Emails harvested through PHP code?

[BLiZZaRD]

I am in an all out war with the spam bots and email harvesters.

I have deleted ALL email links from my site. I set up a contact form, and that is it as far as the end user can tell.

Here is my question, as I know little about bot harveters or whatever you call them:

The contact form is all PHP, and relies on 2 files, one holds all the email addresses and is placed outside my root folder, so it is on the same level as my public_html folder, not inside it. The other is the "instructions" for the form and has no reference to the other file.

I also have a php page I made that will check my inbox and display the current number of emails in my various inboxes. Through the source code no email address is visible. You can see the page here

These are the only 2 spots where I have all these email addresses on my server. I am still getting a lot of spam to all the addresses, but I don't know the "life" of these spam bots. I just deleted and made the changes over the last couple days. Is it possible for the bots to get to either of these email addresses (specifically worried about the one outside the root folder), and if not does that mean that spam bots have gotten my email address earlier in the week or month and still send mail to it?

[djr33]

This is like abstinence after getting AIDS. (Tried to come up with a better analogy, but I'm tired... gimme a break )

Hiding the emails won't fix it once it's a problem.

They can't get it from the php source or the file outside the public_html directory.

However, they already have your email. Done.

You have two options--
live with spam, since they now have your email and it's getting spread around to various spammers, companies, etc... it's on some big list.
Or, get a new email address and be more careful next time. I got rid of an old address for this reason.

Welcome to the wonderful world of spam. Ew.

I'd recommend gmail... it has a great spam filter, so you really don't get that much. //sidenote.


By the way, I suppose that over enough time, your email might fade away, but it also seems that once they have it, it'll just keep spreading and keep getting worse. Not really sure what you can do.

[BLiZZaRD]

Well, it isn't bad yet, which is why I started the whole process. New emails are an option for some/most of the address there, but I wanted to stop the new ones from coming in.

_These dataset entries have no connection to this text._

(* Let $G$ be a cyclically $4$-edge-connected cubic graph and $e$ an edge of $G$ contained in some cyclic $4$-edge-cut of $G$. Then there exist vertex sets $A_1\subseteq A_2\subseteq\cdots\subseteq A_k$, with $B_i=V(G)\setminus A_i$, such that every cyclic $4$-edge-cut of $G$ containing $e$ equals $E(A_i,B_i)$ for some $i\in\{1,\dots,k\}$.
   Context: Graphs may have parallel edges. For a partition $\{A,B\}$ of $V(G)$, $E(A,B)$ is the set of edges between $A$ and $B$; it is a $4$-edge-cut if it has exactly four edges, and cyclic if both $G[A]$ and $G[B]$ contain a cycle. $G$ is cyclically $4$-edge-connected if it has no cyclic edge-cut with fewer than four edges. *)

(* Finite loopless multigraphs (parallel edges allowed):
   vertex type V, edge type E (both finTypes), each edge x has two distinct
   endpoints src x and tgt x. *)
From mathcomp Require Import all_boot.
Set Implicit Arguments. Unset Strict Implicit. Unset Printing Implicit Defensive.

Section MG.
Variables (V E : finType) (src tgt : E -> V).

Definition loopless : Prop := forall x : E, src x != tgt x.

Definition incident (x : E) (v : V) : bool := (src x == v) || (tgt x == v).

Definition joins (x : E) (u w : V) : bool :=
  ((src x == u) && (tgt x == w)) || ((src x == w) && (tgt x == u)).

(* cubic: every vertex has degree 3 (loopless, so degree = #incident edges) *)
Definition cubic : Prop :=
  forall v : V, #|[set x : E | incident x v]| = 3.

(* a cycle of G[A]: distinct vertices v_0..v_{n-1} of A and distinct edges
   e_0..e_{n-1}, n >= 1, with e_i joining v_i and v_{i+1 mod n}
   (n = 2 allowed: a pair of parallel edges). *)
Definition has_cycle_in (A : {set V}) : Prop :=
  exists (v0 : V) (x0 : E) (vs : seq V) (es : seq E),
    [/\ 0 < size vs, size es = size vs, uniq vs && uniq es,
        all (fun v => v \in A) vs &
        forall i, i < size vs ->
          joins (nth x0 es i) (nth v0 vs i) (nth v0 vs (i.+1 %% size vs))].

Definition cut (A : {set V}) : {set E} :=
  [set x : E | ((src x \in A) && (tgt x \notin A)) ||
               ((tgt x \in A) && (src x \notin A))].

Definition is_bipartition (A : {set V}) : Prop :=
  A != set0 /\ ~: A != set0.

Definition cyclic_cut (A : {set V}) : Prop :=
  has_cycle_in A /\ has_cycle_in (~: A).

Definition cyclic_4_cut (A : {set V}) : Prop :=
  is_bipartition A /\ #|cut A| = 4 /\ cyclic_cut A.

Definition cyc4conn : Prop :=
  forall A : {set V}, is_bipartition A -> cyclic_cut A -> ~ (#|cut A| < 4).
End MG.

From Stdlib Require Import Classical ClassicalDescription.
From mathcomp Require Import all_boot zify.
From Pilot Require Import Defs.
Set Implicit Arguments. Unset Strict Implicit. Unset Printing Implicit Defensive.

(* In a cubic graph an acyclic vertex set X spans fewer than |X| edges, so degree
   counting gives |E(X, V\X)| >= |X| + 2; hence, when G is cyclically 4-edge-connected,
   every edge-cut with at most 3 edges has a side with at most one vertex.
   Let E(A, V\A) and E(C, V\C) be cyclic 4-edge-cuts through e = uv with u in A and
   u in C.  If A and C cross, counting the edges between the four quarters A∩C, A\C,
   C\A and V\(A∪C) shows that A\C and C\A are sides of 3-edge-cuts, hence single
   vertices, and that so is A∩C or V\(A∪C); then A or V\A has at
   most one inner edge, although it contains a cycle.  So the sides containing u of
   the cyclic 4-edge-cuts through e form a chain, and A_i can be taken to be the union
   of those with at most i vertices. *)

Lemma card_sum_mem (T : finType) (S : {set T}) : #|S| = \sum_x (x \in S : nat).
Proof. by rewrite -sum1_card big_mkcond /=; apply: eq_bigr => x _; case: (x \in S). Qed.

Lemma sum_eq_mem (T : finType) (S : {set T}) a : \sum_(v in S) (a == v : nat) = (a \in S).
Proof.
rewrite big_mkcond (bigD1 a) //= eqxx big1 ?addn0 => [|v nva]; first by case: (a \in S).
by rewrite eq_sym (negbTE nva); case: (v \in S).
Qed.

Lemma exists_neq_card_gt1 (T : finType) (S : {set T}) z : 1 < #|S| -> exists2 y, y \in S & y != z.
Proof.
case/card_gt1P => a [b [aS bS ab]].
by case: (eqVneq a z) => [az|]; [exists b; rewrite // -az eq_sym | exists a].
Qed.

(* Edge counts between the four quarters of two crossing cuts: [xq] counts the
   edges between [A :&: C] and [C :\: A], and so on. *)
Lemma uncrossing_arith (xp xq xy pq py qy : nat) :
  xq + xy + pq + py = 4 -> xp + xy + pq + qy = 4 ->
  3 <= xp + pq + py -> 3 <= xq + pq + qy -> 0 < xy ->
  [/\ xp + pq + py = 3, xq + pq + qy = 3 &
      (xp + xq + xy <= 3 /\ xp <= 1) \/ (xy + py + qy <= 3 /\ qy <= 1)].
Proof. by move=> *; split; lia. Qed.

Section Multigraph.
Variables (V E : finType) (src tgt : E -> V).
Hypothesis loopless_G : loopless src tgt.

Local Notation joins := (joins src tgt).
Local Notation incident := (incident src tgt).
Local Notation cut := (cut src tgt).
Local Notation has_cycle_in := (has_cycle_in src tgt).

Definition inner (X : {set V}) : {set E} := [set x | (src x \in X) && (tgt x \in X)].

Definition between (U W : {set V}) : {set E} :=
  [set x | ((src x \in U) && (tgt x \in W)) || ((src x \in W) && (tgt x \in U))].

Lemma joinsC x u w : joins x u w = joins x w u.
Proof. by rewrite /Defs.joins orbC. Qed.

Lemma joins_neq x u w : joins x u w -> u != w.
Proof.
by case/orP=> /andP [/eqP <- /eqP <-]; last rewrite eq_sym; exact: loopless_G.
Qed.
Lemma ln_le_compat x y : (0 < x)%R -> (x <= y)%R -> (ln x <= ln y)%R.
Proof.
move=> x_gt0 /Rle_lt_or_eq_dec [xy | <-]; last exact: Rle_refl.
exact/Rlt_le/ln_increasing.
Qed.

Lemma ln_prod_expn (I : finType) (c k : I -> nat) : (forall i, 0 < c i) ->
  ln (INR (\prod_i expn (c i) (k i))) = (\rsum_(i : I) (INR (k i) * ln (INR (c i))))%R.
Proof.
move=> c_gt0; suff [] : 0 < \prod_i expn (c i) (k i) /\
    ln (INR (\prod_i expn (c i) (k i))) = (\rsum_(i : I) (INR (k i) * ln (INR (c i))))%R by [].
apply: (big_ind2 (fun (h : nat) (s : R) => 0 < h /\ ln (INR h) = s)).
- by rewrite ln_1.
- move=> h1 s1 h2 s2 [h1_gt0 <-] [h2_gt0 <-]; rewrite muln_gt0 h1_gt0.
  by rewrite -multE mult_INR ln_mult //; apply/lt_0_INR/ltP.
- move=> i _; rewrite expn_gt0 c_gt0; split=> //.
  have -> : expn (c i) (k i) = Nat.pow (c i) (k i) by elim: (k i) => // j IH; rewrite expnS IH.
  by rewrite pow_INR ln_pow //; apply/lt_0_INR/ltP.
Qed.

Lemma rsum_le (I : finType) (F G : I -> R) :
  (forall i, F i <= G i)%R -> (\rsum_(i : I) F i <= \rsum_(i : I) G i)%R.
Proof.
move=> FG; apply: (big_ind2 (fun a b => a <= b)%R) => [|*|i _].
- exact: Rle_refl.
- exact: Rplus_le_compat.
- exact: FG.
Qed.

Section LogBounds.
Local Open Scope R_scope.
Variables (VG : finType) (EG : rel VG) (q : {set VG} -> R)
  (VF : finType) (EF : rel VF) (phi : VF -> VG) (m : nat).
Hypotheses (hphi : is_hom EF EG phi) (q_ge0 : forall A, 0 <= q A) (m_gt1 : (1 < m)%nat).

Let L := ln (INR m).

Lemma ln_m_gt0 : 0 < L.
Proof.
rewrite /L -ln_1; apply: ln_increasing; first lra.
by apply: (lt_INR 1); apply/ltP.
Qed.

Lemma ln_npow A : ln (npow q m A) = q A * L.
Proof. exact: ln_exp. Qed.

Lemma npow_ge1 A : 1 <= npow q m A.
Proof.
have := Rmult_le_pos _ _ (q_ge0 A) (Rlt_le _ _ ln_m_gt0).
have := exp_ineq1_le (q A * L); rewrite /npow /Rpower /L; lra.
Qed.

Lemma card_admissible_bounds A :
  npow q m A <= INR #|admissible q m A| <= npow q m A + 1.
Proof.
apply: card_ord_ltR_bounds; first by have := npow_ge1 A; lra.
apply: leq_trans _ (leqnSn _).
rewrite /Mb; exact: (@leq_bigmax _ (fun B : {set VG} => Z.to_nat (up (npow q m B))) A).
Qed.

Lemma card_admissible_gt0 A : (0 < #|admissible q m A|)%nat.
Proof.
have [lo _] := card_admissible_bounds A; have := npow_ge1 A.
by move=> ?; apply/ltP/INR_lt; rewrite /=; lra.
Qed.

(* The upper bound uses [x + 1 <= 2 x] for [x = m ^ q A >= 1]. *)
Lemma ln_card_admissible_bounds A :
  q A * L <= ln (INR #|admissible q m A|) <= q A * L + ln 2.
Proof.
have [lo hi] := card_admissible_bounds A; have := npow_ge1 A.
rewrite -ln_npow => x_ge1; split.
  by apply: ln_le_compat; lra.
rewrite Rplus_comm -ln_mult; try lra.
by apply: ln_le_compat; [apply/lt_0_INR/ltP/card_admissible_gt0 | lra].
Qed.

Lemma ln_hom_phi_bounds :
  let S := \rsum_(A : {set VG}) (q A * INR (CC EF (preim_phi phi A))) in
  let K := \rsum_(A : {set VG}) INR (CC EF (preim_phi phi A)) in
  S * L <= ln (INR (hom_phi EG q EF phi m)) <= S * L + K * ln 2.
Proof.
move=> S K; rewrite (hom_phi_prod _ _ hphi) ln_prod_expn; last exact: card_admissible_gt0.
rewrite /S /K !big_distrl -big_split /=.
split; apply: rsum_le => A; have [lo hi] := ln_card_admissible_bounds A;
  have k_ge0 := pos_INR (CC EF (preim_phi phi A)).
- by have := Rmult_le_compat_l _ _ _ k_ge0 lo; lra.
- by have := Rmult_le_compat_l _ _ _ k_ge0 hi; lra.
Qed.

End LogBounds.

Lemma cv_infty_ln_INR : cv_infty (fun n => ln (INR n.+2)).
Proof.
move=> M; have [N /Rlt_le NM] := INR_unbounded (exp M); exists N => n Nn.
rewrite -[M]ln_exp; apply: ln_increasing; first exact: exp_pos.
by apply: Rle_lt_trans NM _; apply: lt_INR; lia.
Qed.

Lemma Un_cv_div_sandwich (a L : nat -> R) (S C : R) : cv_infty L ->
  (forall n, S * L n <= a n <= S * L n + C)%R -> Un_cv (fun n => a n / L n)%R S.
Proof.
move=> L_infty aL eps eps_gt0; have [N NL] := L_infty (Rabs C / eps)%R.
exists N => n /NL CL; have [lo hi] := aL n.
have L_gt0 : (0 < L n)%R.
  apply: Rle_lt_trans CL; apply: Rmult_le_pos; first exact: Rabs_pos.
  exact/Rlt_le/Rinv_0_lt_compat.
have Ceps : (Rabs C < eps * L n)%R.
  have := Rmult_lt_compat_l _ _ _ eps_gt0 CL.
  by rewrite (_ : eps * (Rabs C / eps) = Rabs C)%R //; field; lra.
rewrite /R_dist (_ : a n / L n - S = (a n - S * L n) / L n)%R; last by field; lra.
rewrite Rabs_pos_eq; last by apply: Rmult_le_pos; [lra | exact/Rlt_le/Rinv_0_lt_compat].
apply: (Rmult_lt_reg_r (L n)) => //; rewrite /Rdiv Rmult_assoc Rinv_l; last lra.
by have := Rle_abs C; lra.
Qed.

Theorem lemma6p1
  (VG : finType) (EG : rel VG) (hVG : 0 < #|VG|)
  (q : {set VG} -> R) (hq : in_Q EG q)
  (VF : finType) (EF : rel VF) (hVF : 0 < #|VF|)
  (phi : VF -> VG) (hphi : is_hom EF EG phi) :
  Un_cv
    (fun n => (ln (INR (hom_phi EG q EF phi n.+2)) / ln (INR n.+2))%R)
    (\rsum_(A : {set VG}) (q A * INR (CC EF [set u | phi u \in A])))%R.
Proof.
have [_ [q_ge0 _]] := hq.
apply: Un_cv_div_sandwich cv_infty_ln_INR _ => n.
exact: (ln_hom_phi_bounds hphi q_ge0 (isT : 1 < n.+2)).
Qed.
(* Let $n\ge 2$, $0\le\alpha<1$ and $\beta=1-\alpha$. Then for all $x,y\in\mathbb{R}^n\setminus\{0\}$, $$k_\alpha(x,y)\le\frac{|x|^\beta+|y|^\beta}{\beta}.$$
   Context: $k_\alpha(x,y)=\inf_\gamma\int_\gamma|z|^{-\alpha}|dz|$, the infimum over all rectifiable paths $\gamma$ in $\mathbb{R}^n\setminus\{0\}$ joining $x$ and $y$. *)

From HB Require Import structures.
From mathcomp Require Import all_boot all_order all_algebra.
From mathcomp Require Import all_classical all_reals all_analysis.
Set Implicit Arguments. Unset Strict Implicit. Unset Printing Implicit Defensive.
Import Order.TTheory GRing.Theory Num.Theory.
Local Open Scope classical_set_scope.
Local Open Scope ring_scope.

Definition enorm {R : realType} {n : nat} (z : 'rV[R]_n) : R :=
  Num.sqrt (\sum_(i < n) z ord0 i ^+ 2).

(* s is a partition a = t_0 < t_1 < ... < t_m = b of [a,b] (t_0 = a not listed) *)
Definition is_partition {R : realType} (a b : R) (s : seq R) : Prop :=
  path (fun u v => u < v) a s /\ last a s = b.

Definition chord_sum {R : realType} {n : nat} (g : R -> 'rV[R]_n)
  (a : R) (s : seq R) : R :=
  \sum_(d <- pairmap (fun u v => enorm (g v - g u)) a s) d.

Definition path_length {R : realType} {n : nat} (g : R -> 'rV[R]_n) (a b : R)
  : \bar R :=
  ereal_sup [set (chord_sum g a s)%:E | s in [set s | is_partition a b s]].

Definition arclen {R : realType} {n : nat} (g : R -> 'rV[R]_n) (t : R) : R :=
  fine (path_length g 0 t).

Definition admissible_path {R : realType} {n : nat} (x y : 'rV[R]_n)
  (g : R -> 'rV[R]_n) : Prop :=
  [/\ g 0 = x, g 1 = y,
      (forall t, 0 <= t <= 1 -> g t != 0),
      (forall t, 0 <= t <= 1 -> forall e : R, 0 < e -> exists2 d : R, 0 < d &
          forall u, 0 <= u <= 1 -> `|u - t| < d -> enorm (g u - g t) < e) &
      (path_length g 0 1 < +oo)%E].

Definition lower_sum {R : realType} {n : nat} (f : 'rV[R]_n -> R)
  (g : R -> 'rV[R]_n) (s : seq R) : R :=
  \sum_(d <- pairmap (fun u v =>
       inf [set f (g w) | w in [set w | u <= w <= v]] * (arclen g v - arclen g u))
       0 s) d.

(* line integral  int_g f |dz|  (Riemann-Stieltjes integral w.r.t. arc length,
   as the supremum of lower sums; f continuous, g rectifiable) *)
Definition line_integral {R : realType} {n : nat} (f : 'rV[R]_n -> R)
  (g : R -> 'rV[R]_n) : \bar R :=
  ereal_sup [set (lower_sum f g s)%:E | s in [set s | is_partition 0 1 s]].

Definition k_alpha {R : realType} {n : nat} (alpha : R) (x y : 'rV[R]_n)
  : \bar R :=
  ereal_inf [set line_integral (fun z => powR (enorm z) (- alpha)) g
            | g in [set g | admissible_path x y g]].

(* Since n >= 2 there is p != 0 with x . p = 0 and p . y >= 0.  For 0 < e <= 1 join x to y by
   the polygon x -> e x -> e p -> e y -> y.  On the radial legs |z|^(-alpha) |dz| has the exact
   primitive r^(1-alpha) / (1-alpha), so they cost at most (|x|^beta + |y|^beta) / beta; the two
   middle chords stay at distance e min(|x|, |p|, |y|) / 2 from the origin, so by homogeneity they
   cost O(e^beta), which vanishes as e -> 0.
   Line integrals are bounded through certificates: a Lipschitz arclength function S together
   with a primitive Phi dominating the lower Stieltjes sums of the weight against dS.  Both are
   local and additive, so certificates of consecutive pieces glue. *)

From HB Require Import structures.
From mathcomp Require Import all_boot all_order all_algebra.
From mathcomp Require Import all_classical all_reals all_analysis.
From mathcomp Require Import ring lra.
Import Order.TTheory GRing.Theory Num.Theory.
Set Implicit Arguments. Unset Strict Implicit. Unset Printing Implicit Defensive.
Local Open Scope classical_set_scope.
Local Open Scope ring_scope.

Section Euclid.
Context {R : realType} {n : nat}.
Implicit Types (a b c : 'rV[R]_n) (k : R).

Definition dot a b : R := \sum_(i < n) a ord0 i * b ord0 i.

Lemma dotC a b : dot a b = dot b a.
Proof. by apply: eq_bigr => i _; rewrite mulrC. Qed.

Lemma dotDl a b c : dot (a + b) c = dot a c + dot b c.
Proof. by rewrite /dot -big_split; apply: eq_bigr => i _; rewrite !mxE mulrDl. Qed.

Lemma dotZl k a b : dot (k *: a) b = k * dot a b.
Proof. by rewrite /dot mulr_sumr; apply: eq_bigr => i _; rewrite !mxE mulrA. Qed.

Lemma dotNl a b : dot (- a) b = - dot a b.
Proof. by rewrite -scaleN1r dotZl mulN1r. Qed.

Lemma dotBl a b c : dot (a - b) c = dot a c - dot b c.
Proof. by rewrite dotDl dotNl. Qed.

Lemma dotDr a b c : dot a (b + c) = dot a b + dot a c.
Proof. by rewrite dotC dotDl !(dotC a). Qed.

Lemma dotZr k a b : dot a (k *: b) = k * dot a b.
Proof. by rewrite dotC dotZl dotC. Qed.

Lemma dotBr a b c : dot a (b - c) = dot a b - dot a c.
Proof. by rewrite !(dotC a) dotBl. Qed.

Lemma dotxx_ge0 a : 0 <= dot a a.
Proof. by apply: sumr_ge0 => i _; rewrite -expr2 sqr_ge0. Qed.

Lemma dotxx_eq0 a : (dot a a == 0) = (a == 0).
Proof.
apply/idP/eqP => [/eqP a0|->]; last by rewrite /dot big1 // => i _; rewrite mxE mul0r.
apply/rowP => i; rewrite mxE; apply/eqP; rewrite -[_ == 0]orbb -mulf_eq0.
by apply/eqP/(psumr_eq0P _ a0) => // j _; rewrite -expr2 sqr_ge0.
Qed.

Lemma enormE a : enorm a = Num.sqrt (dot a a).
Proof. by congr Num.sqrt; apply: eq_bigr => i _; rewrite expr2. Qed.

Lemma enorm_ge0 a : 0 <= enorm a.
Proof. by rewrite enormE sqrtr_ge0. Qed.

Lemma enorm_sqr a : enorm a ^+ 2 = dot a a.
Proof. by rewrite enormE sqr_sqrtr // dotxx_ge0. Qed.

Lemma enorm_gt0 a : (0 < enorm a) = (a != 0).
Proof. by rewrite enormE sqrtr_gt0 lt_def dotxx_eq0 dotxx_ge0 andbT. Qed.

Lemma enormZ k a : enorm (k *: a) = `|k| * enorm a.
Proof. by rewrite !enormE dotZl dotZr mulrA sqrtrM ?sqr_ge0 // -expr2 sqrtr_sqr. Qed.

Lemma enormN a : enorm (- a) = enorm a.
Proof. by rewrite -scaleN1r enormZ normrN1 mul1r. Qed.

Lemma enormB a b : enorm (a - b) = enorm (b - a).
Proof. by rewrite -enormN opprB. Qed.

Lemma dot_le_enorm a b : dot a b <= enorm a * enorm b.
Proof.
have [->|a0] := eqVneq a 0.
  by rewrite /dot big1 ?mulr_ge0 ?enorm_ge0 // => i _; rewrite mxE mul0r.
have aa0 : 0 < dot a a by rewrite -enorm_sqr exprn_gt0 // enorm_gt0.
have disc : dot a b ^+ 2 <= dot a a * dot b b.
  have := dotxx_ge0 ((dot a b / dot a a) *: a - b).
  rewrite dotBl !dotBr !dotZl !dotZr (dotC b a).
  have -> : dot a b / dot a a * (dot a b / dot a a * dot a a) - dot a b / dot a a * dot a b
      - (dot a b / dot a a * dot a b - dot b b) = (dot a a * dot b b - dot a b ^+ 2) / dot a a.
    by field; rewrite gt_eqF.
  by rewrite pmulr_lge0 ?invr_gt0 // subr_ge0.
apply: le_trans (ler_norm _) _.
rewrite -sqrtr_sqr !enormE -sqrtrM ?dotxx_ge0 // ler_sqrt //.
by rewrite mulr_ge0 ?dotxx_ge0.
Qed.

Lemma enormD a b : enorm (a + b) <= enorm a + enorm b.
Proof.
rewrite -[enorm a + enorm b]ger0_norm ?addr_ge0 ?enorm_ge0 //.
rewrite -sqrtr_sqr enormE ler_sqrt ?sqr_ge0 //.
rewrite dotDl !dotDr (dotC b a) sqrrD -!enorm_sqr.
have := dot_le_enorm a b; lra.
Qed.

Lemma enorm_subr_le a b c : enorm (c - a) <= enorm (c - b) + enorm (b - a).
Proof. by rewrite -[c - a](subrKA b) enormD. Qed.

Lemma exists_orthogonal (hn : (2 <= n)%N) (x : 'rV[R]_n) :
  exists2 w : 'rV[R]_n, w != 0 & dot x w = 0.
Proof.
pose i0 := Ordinal (ltnW hn); pose i1 := Ordinal hn.
have dot_delta j : dot x (delta_mx 0 j) = x 0 j.
  rewrite /dot (bigD1 j) //= mxE !eqxx mulr1 big1 ?addr0 // => i /negbTE ij.
  by rewrite mxE ij andbF mulr0.
have [x01|x01] := eqVneq (x 0 i0, x 0 i1) (0, 0).
  exists (delta_mx 0 i0); last by rewrite dot_delta; case: x01.
  by apply/eqP => /matrixP /(_ 0 i0); rewrite !mxE !eqxx => /eqP; rewrite oner_eq0.
exists (x 0 i1 *: delta_mx 0 i0 - x 0 i0 *: delta_mx 0 i1).
  apply: contra x01 => /eqP /matrixP w0; have := w0 0 i0; have := w0 0 i1.
  by rewrite !mxE !eqxx /= !mulr1 !mulr0 subr0 sub0r => /eqP; rewrite oppr_eq0 => /eqP -> ->.
by rewrite dotBr !dotZr !dot_delta mulrC subrr.
Qed.

Lemma exists_orthogonal_toward (hn : (2 <= n)%N) (x y : 'rV[R]_n) :
  exists2 p : 'rV[R]_n, p != 0 & dot x p = 0 /\ 0 <= dot p y.
Proof.
have [w w0 xw] := exists_orthogonal hn x.
have [wy|wy] := leP 0 (dot w y); first by exists w.
exists (- w); first by rewrite oppr_eq0.
by rewrite dotC dotNl dotC xw oppr0 dotNl oppr_ge0 ltW.
Qed.

End Euclid.

Section Partitions.
Context {R : realType} {n : nat}.
Implicit Types (g : R -> 'rV[R]_n) (a b t x : R) (s : seq R).

Lemma is_partition_cons a t x s :
  is_partition a t (x :: s) <-> a < x /\ is_partition x t s.
Proof. by rewrite /is_partition /=; split => [[/andP[]]|[-> []]]. Qed.

Lemma is_partition_le a t s : is_partition a t s -> a <= t.
Proof.
elim: s a => [|x s IH] a; first by case=> _ /= ->.
by case/is_partition_cons => ax /IH; apply: le_trans (ltW ax).
Qed.

Lemma is_partition_mem a t s w : is_partition a t s -> w \in a :: s -> a <= w <= t.
Proof.
elim: s a => [|x s IH] a P; first by rewrite mem_seq1 => /eqP ->; rewrite lexx (is_partition_le P).
rewrite in_cons => /predU1P[->|ws];
  rewrite ?lexx ?(is_partition_le P) //.
case/is_partition_cons: P => ax /IH/(_ ws)/andP[xw ->].
by rewrite (le_trans (ltW ax)).
Qed.

Lemma is_partition_cat a b c s1 s2 :
  is_partition a b s1 -> is_partition b c s2 -> is_partition a c (s1 ++ s2).
Proof. by move=> [p1 l1] [p2 l2]; rewrite /is_partition cat_path last_cat l1 p1. Qed.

If they can't get it through php then I feel a lot better about it.

I understand about the lists and all that, just wanted to nip as much in the bud as I could, and wasn't sure if what I have done is the best way to go. Seems it is though, and I feel comfortable with that.

I have gmail, and all my mail is forwarded to that and that spam filter is great, but I still have all my site only addys on the server and I have to go clean them out once in a while, just wanting to lessen that burden a little

Thanks.

[djr33]

Yep. Sounds good. From what I can tell, you're doing the right thing with all of that.

[BLiZZaRD]

Thats good to hear! I am still way behind the learning curve on the web design thing, but I am learning and for only doing it for about 1 1/2 years I think I am catching on pretty quick. Of course I would rather not make mistakes, but what better way to learn?

[Acey99]

You could consider hiding the form from bots

Code:

  $ua = getenv("HTTP_USER_AGENT");

  $bot = (preg_match("/bot/i",$ua)) ? 1 : 0;;

  if (!$bot) {
   # show form
  }
  else {
   # show nothing
  }

Attached is a great browser class that'll help.

[Twey]

Because, of course, every spambot sends a user agent string that says "I'M A SPAMBOT! BLOCK ME!"

[Acey99]

no every bot either sends a useragent or not
and since we can make a "Valid" list we can kinda make an "invalid" list

look at most bots
http://en.wikipedia.org/wiki/Useragent#Bots
what do they have in common?
look at the browsers, what do they have in common ?

Yeah I know The Mozilla Browsers can Spoof them, but isn't that a good thing to see if this script can block bots?


according to wikipedia thy all have a useragent string.

[Acey99]

add his code to the browser class (near the end)

Code:

   function isValidBrowser(){
     return ( ($this->isIE() || $this->isMoz() || $this->isOpera()) && !$this->isBot() ) ? 1 : 0; 
   }

[Twey]

Those are innocent do-gooder bots Nasty spambots won't be so nice. There's no comprehensive listing of them because they tend to send user-agent strings that mimic those of popular browsers.